What to do
The word "intrD" may appear in the records below. Report how many lines contain it, and write nothing besides the number.

Records supplied
::::::

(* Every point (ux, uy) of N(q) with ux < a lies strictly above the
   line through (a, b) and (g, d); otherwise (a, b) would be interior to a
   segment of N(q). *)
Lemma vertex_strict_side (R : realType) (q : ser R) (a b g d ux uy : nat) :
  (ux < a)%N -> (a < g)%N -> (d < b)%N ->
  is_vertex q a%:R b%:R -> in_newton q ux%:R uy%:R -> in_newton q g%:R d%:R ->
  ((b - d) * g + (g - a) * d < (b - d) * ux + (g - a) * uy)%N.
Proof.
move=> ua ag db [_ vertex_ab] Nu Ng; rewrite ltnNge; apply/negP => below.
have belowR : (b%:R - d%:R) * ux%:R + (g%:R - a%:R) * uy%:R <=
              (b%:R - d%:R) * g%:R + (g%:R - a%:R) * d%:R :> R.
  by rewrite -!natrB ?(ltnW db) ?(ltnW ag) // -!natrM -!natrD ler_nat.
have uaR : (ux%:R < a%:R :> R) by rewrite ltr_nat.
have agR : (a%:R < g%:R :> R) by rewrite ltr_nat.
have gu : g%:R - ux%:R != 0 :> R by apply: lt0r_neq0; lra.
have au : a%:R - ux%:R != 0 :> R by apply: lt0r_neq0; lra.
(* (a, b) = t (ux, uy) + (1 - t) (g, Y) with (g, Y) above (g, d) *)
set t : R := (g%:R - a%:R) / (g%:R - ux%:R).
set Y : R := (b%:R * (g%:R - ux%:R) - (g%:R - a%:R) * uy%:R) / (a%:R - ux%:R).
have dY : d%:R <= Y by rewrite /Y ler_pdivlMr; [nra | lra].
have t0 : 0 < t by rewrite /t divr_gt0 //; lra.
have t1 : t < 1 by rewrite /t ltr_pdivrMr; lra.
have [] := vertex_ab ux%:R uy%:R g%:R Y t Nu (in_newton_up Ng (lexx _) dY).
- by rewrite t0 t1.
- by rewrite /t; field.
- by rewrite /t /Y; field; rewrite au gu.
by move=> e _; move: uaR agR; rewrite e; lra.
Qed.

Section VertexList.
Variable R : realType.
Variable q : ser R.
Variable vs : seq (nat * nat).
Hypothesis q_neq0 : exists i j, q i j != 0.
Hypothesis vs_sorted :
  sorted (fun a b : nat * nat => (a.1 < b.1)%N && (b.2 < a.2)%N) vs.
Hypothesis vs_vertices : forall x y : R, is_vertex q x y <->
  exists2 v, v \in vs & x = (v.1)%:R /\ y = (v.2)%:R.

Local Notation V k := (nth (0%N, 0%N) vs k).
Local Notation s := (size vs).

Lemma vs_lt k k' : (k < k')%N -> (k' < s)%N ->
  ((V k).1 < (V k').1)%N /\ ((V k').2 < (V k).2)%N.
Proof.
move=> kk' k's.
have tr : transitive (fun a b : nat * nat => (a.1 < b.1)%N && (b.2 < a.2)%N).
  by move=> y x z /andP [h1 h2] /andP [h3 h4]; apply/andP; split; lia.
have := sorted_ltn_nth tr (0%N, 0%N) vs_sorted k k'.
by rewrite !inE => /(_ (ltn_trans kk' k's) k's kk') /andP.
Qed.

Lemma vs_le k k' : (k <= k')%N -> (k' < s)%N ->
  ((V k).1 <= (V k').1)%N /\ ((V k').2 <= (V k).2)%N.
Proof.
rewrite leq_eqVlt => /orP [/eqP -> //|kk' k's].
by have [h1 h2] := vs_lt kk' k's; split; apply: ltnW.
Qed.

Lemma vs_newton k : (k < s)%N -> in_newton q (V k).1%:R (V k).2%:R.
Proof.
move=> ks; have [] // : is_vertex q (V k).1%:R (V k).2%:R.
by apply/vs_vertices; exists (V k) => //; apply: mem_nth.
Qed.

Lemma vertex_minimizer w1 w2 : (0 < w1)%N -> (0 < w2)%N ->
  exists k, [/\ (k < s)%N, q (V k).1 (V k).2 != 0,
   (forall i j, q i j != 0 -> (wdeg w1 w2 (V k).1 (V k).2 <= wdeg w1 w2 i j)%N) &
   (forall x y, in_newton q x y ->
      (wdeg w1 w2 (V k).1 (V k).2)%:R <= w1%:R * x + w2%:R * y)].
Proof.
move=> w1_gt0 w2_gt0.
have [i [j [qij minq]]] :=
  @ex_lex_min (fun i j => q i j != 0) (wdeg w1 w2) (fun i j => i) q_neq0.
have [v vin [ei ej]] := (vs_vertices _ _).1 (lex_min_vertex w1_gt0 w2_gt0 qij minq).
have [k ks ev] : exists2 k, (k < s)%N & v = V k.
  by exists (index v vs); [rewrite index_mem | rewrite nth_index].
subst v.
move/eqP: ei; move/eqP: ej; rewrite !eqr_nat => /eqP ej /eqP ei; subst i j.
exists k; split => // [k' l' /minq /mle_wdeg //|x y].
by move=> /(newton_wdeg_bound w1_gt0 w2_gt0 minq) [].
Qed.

::::::

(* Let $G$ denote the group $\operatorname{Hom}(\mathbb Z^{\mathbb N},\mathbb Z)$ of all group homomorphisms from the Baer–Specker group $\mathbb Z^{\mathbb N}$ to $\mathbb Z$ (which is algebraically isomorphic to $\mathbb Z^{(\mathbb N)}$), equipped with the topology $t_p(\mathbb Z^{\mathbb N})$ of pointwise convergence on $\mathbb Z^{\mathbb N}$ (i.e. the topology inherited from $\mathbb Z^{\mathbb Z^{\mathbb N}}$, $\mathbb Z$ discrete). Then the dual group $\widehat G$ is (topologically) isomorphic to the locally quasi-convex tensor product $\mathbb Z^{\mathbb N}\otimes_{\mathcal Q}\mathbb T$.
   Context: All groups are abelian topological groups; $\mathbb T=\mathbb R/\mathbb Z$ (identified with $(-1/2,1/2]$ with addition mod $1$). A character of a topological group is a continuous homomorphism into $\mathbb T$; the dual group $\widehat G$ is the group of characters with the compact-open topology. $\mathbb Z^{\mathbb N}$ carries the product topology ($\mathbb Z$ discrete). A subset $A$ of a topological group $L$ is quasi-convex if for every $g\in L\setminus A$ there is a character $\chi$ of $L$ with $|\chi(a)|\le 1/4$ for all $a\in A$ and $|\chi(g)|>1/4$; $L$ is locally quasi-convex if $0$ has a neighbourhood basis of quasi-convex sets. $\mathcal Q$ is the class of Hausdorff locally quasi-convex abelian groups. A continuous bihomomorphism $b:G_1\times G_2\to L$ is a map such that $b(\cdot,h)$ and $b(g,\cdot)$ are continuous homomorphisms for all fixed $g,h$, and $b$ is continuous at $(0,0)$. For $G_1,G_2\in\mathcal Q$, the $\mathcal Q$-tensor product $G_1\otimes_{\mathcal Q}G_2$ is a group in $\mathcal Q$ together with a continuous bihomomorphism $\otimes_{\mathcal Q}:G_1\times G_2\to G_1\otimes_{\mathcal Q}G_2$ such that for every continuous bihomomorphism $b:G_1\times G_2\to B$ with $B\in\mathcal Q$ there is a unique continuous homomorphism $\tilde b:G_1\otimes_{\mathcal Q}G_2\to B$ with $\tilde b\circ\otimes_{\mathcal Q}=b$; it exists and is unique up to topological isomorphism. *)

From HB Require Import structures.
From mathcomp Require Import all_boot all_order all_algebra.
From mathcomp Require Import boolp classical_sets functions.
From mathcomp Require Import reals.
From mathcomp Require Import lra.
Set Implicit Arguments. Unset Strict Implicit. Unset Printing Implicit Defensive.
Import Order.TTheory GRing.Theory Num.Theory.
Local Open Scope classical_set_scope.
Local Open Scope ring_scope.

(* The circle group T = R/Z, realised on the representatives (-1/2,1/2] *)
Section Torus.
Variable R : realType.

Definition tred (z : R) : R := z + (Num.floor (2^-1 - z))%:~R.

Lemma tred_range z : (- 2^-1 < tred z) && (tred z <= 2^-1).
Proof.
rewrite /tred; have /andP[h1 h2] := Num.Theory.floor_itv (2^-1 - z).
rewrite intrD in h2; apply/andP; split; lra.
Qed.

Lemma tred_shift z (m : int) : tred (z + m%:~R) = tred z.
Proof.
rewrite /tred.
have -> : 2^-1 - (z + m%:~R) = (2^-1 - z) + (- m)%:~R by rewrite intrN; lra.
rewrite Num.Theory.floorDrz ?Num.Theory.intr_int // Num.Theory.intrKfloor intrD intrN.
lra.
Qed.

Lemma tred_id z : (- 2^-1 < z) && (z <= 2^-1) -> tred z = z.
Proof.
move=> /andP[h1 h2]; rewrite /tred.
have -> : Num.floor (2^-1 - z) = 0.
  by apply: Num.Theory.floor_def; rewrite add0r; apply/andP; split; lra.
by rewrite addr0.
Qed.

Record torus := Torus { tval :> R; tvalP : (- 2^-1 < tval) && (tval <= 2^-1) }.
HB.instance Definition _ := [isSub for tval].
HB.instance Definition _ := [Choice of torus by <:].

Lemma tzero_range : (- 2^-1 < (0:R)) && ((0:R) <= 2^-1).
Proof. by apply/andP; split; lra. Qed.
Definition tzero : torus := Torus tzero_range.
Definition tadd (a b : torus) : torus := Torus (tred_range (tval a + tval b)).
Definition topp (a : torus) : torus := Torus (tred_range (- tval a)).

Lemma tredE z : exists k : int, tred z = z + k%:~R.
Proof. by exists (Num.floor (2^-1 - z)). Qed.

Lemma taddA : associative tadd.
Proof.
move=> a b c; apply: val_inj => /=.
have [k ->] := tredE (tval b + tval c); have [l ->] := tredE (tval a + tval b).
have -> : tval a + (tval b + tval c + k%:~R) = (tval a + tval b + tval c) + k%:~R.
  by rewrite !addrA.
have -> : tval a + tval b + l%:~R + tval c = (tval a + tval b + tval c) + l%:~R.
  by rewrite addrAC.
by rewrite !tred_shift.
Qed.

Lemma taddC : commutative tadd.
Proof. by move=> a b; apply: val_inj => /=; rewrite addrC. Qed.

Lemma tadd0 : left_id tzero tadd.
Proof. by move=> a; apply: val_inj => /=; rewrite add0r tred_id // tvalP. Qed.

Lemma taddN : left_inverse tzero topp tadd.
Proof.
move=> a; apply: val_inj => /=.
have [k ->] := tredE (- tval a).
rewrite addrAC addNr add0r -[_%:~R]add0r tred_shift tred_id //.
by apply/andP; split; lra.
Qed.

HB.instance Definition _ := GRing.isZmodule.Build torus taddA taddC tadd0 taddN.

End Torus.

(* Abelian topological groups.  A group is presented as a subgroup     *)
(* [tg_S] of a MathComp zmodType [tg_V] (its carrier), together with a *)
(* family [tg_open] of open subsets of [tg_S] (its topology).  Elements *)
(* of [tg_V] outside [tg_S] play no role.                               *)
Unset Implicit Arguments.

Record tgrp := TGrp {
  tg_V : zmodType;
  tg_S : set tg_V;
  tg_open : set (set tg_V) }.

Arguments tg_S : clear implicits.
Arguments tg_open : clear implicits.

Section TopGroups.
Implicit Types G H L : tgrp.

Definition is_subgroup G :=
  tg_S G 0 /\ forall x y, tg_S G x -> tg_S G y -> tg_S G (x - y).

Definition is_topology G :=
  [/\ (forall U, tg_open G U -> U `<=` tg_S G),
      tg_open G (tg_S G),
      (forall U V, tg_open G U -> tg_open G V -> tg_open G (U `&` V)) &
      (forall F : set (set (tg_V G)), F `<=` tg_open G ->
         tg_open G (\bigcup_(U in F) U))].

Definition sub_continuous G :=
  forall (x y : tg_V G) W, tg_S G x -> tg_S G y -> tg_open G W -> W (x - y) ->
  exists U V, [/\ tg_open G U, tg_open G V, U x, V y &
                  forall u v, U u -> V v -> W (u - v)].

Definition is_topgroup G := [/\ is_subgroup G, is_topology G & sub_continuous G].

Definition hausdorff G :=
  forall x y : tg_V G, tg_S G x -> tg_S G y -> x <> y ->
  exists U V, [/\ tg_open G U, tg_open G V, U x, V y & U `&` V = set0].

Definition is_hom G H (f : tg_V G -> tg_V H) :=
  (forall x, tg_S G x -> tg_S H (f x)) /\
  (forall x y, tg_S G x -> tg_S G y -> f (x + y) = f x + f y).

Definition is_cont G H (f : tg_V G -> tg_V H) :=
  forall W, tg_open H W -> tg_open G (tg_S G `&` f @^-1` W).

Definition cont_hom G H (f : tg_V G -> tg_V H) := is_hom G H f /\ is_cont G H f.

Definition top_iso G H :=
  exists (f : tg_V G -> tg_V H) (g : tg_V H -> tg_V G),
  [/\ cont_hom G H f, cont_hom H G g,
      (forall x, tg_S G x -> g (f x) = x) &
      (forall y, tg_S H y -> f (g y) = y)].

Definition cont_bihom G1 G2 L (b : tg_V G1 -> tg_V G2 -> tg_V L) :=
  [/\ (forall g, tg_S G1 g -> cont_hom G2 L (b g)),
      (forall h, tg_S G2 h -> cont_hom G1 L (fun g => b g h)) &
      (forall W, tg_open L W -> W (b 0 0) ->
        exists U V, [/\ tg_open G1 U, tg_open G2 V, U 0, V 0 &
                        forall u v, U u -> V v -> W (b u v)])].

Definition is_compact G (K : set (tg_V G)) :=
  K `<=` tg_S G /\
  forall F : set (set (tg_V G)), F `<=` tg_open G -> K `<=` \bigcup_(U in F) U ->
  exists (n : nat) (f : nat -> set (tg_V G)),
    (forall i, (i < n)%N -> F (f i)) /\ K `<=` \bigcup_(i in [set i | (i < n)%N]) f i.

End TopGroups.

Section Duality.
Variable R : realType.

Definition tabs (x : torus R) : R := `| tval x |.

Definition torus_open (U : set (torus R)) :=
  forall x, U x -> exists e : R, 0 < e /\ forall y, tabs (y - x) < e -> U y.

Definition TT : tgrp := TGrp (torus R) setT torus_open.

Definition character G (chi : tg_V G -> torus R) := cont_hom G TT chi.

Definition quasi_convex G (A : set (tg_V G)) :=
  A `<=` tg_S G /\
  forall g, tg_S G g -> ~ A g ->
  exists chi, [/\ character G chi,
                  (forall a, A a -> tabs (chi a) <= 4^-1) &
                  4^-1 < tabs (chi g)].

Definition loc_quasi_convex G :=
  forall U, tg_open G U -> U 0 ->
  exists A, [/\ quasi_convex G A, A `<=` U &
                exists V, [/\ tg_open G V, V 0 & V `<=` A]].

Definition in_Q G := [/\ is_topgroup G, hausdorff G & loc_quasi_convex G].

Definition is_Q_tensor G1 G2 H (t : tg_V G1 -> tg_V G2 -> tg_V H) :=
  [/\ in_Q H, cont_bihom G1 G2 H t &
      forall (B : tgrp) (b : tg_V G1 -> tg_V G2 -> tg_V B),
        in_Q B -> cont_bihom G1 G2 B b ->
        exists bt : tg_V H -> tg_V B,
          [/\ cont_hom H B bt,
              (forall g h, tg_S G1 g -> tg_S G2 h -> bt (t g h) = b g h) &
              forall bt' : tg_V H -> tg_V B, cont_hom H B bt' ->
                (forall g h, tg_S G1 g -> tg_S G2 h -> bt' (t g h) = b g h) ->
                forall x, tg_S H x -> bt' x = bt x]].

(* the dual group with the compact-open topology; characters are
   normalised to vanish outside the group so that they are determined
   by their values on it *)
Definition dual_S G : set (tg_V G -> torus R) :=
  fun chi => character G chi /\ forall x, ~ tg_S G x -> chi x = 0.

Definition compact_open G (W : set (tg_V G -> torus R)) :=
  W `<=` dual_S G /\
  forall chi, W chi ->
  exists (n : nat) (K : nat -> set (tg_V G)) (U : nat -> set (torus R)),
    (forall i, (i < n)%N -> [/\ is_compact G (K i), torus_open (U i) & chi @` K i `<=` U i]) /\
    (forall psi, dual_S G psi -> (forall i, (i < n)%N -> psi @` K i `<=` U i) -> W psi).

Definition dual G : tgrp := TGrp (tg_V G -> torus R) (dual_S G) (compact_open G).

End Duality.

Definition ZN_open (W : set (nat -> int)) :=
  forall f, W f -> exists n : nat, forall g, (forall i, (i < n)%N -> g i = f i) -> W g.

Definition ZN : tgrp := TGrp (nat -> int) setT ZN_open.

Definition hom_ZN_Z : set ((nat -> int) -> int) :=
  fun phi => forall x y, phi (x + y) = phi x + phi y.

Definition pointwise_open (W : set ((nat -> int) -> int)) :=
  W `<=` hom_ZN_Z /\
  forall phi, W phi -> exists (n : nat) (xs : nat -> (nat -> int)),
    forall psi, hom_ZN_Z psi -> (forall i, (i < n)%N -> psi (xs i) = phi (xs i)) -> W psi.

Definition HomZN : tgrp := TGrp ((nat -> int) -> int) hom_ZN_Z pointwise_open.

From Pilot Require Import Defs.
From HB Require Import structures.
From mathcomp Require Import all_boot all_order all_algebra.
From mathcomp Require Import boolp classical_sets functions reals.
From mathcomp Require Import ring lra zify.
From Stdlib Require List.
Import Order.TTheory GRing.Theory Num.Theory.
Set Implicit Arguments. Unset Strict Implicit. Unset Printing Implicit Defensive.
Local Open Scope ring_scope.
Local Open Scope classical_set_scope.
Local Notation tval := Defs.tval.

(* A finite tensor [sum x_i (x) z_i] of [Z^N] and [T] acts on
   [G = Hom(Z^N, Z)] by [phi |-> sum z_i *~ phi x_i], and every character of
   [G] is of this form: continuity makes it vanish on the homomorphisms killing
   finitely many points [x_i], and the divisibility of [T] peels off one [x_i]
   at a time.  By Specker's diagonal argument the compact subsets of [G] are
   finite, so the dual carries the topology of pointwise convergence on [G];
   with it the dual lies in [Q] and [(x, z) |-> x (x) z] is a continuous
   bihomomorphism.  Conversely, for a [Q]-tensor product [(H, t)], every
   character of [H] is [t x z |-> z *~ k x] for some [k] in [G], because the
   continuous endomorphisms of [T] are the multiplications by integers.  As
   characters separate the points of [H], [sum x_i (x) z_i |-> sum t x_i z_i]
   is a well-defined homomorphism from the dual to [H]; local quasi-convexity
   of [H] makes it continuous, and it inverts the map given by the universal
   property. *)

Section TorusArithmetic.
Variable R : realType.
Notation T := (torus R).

::::::

Written response
2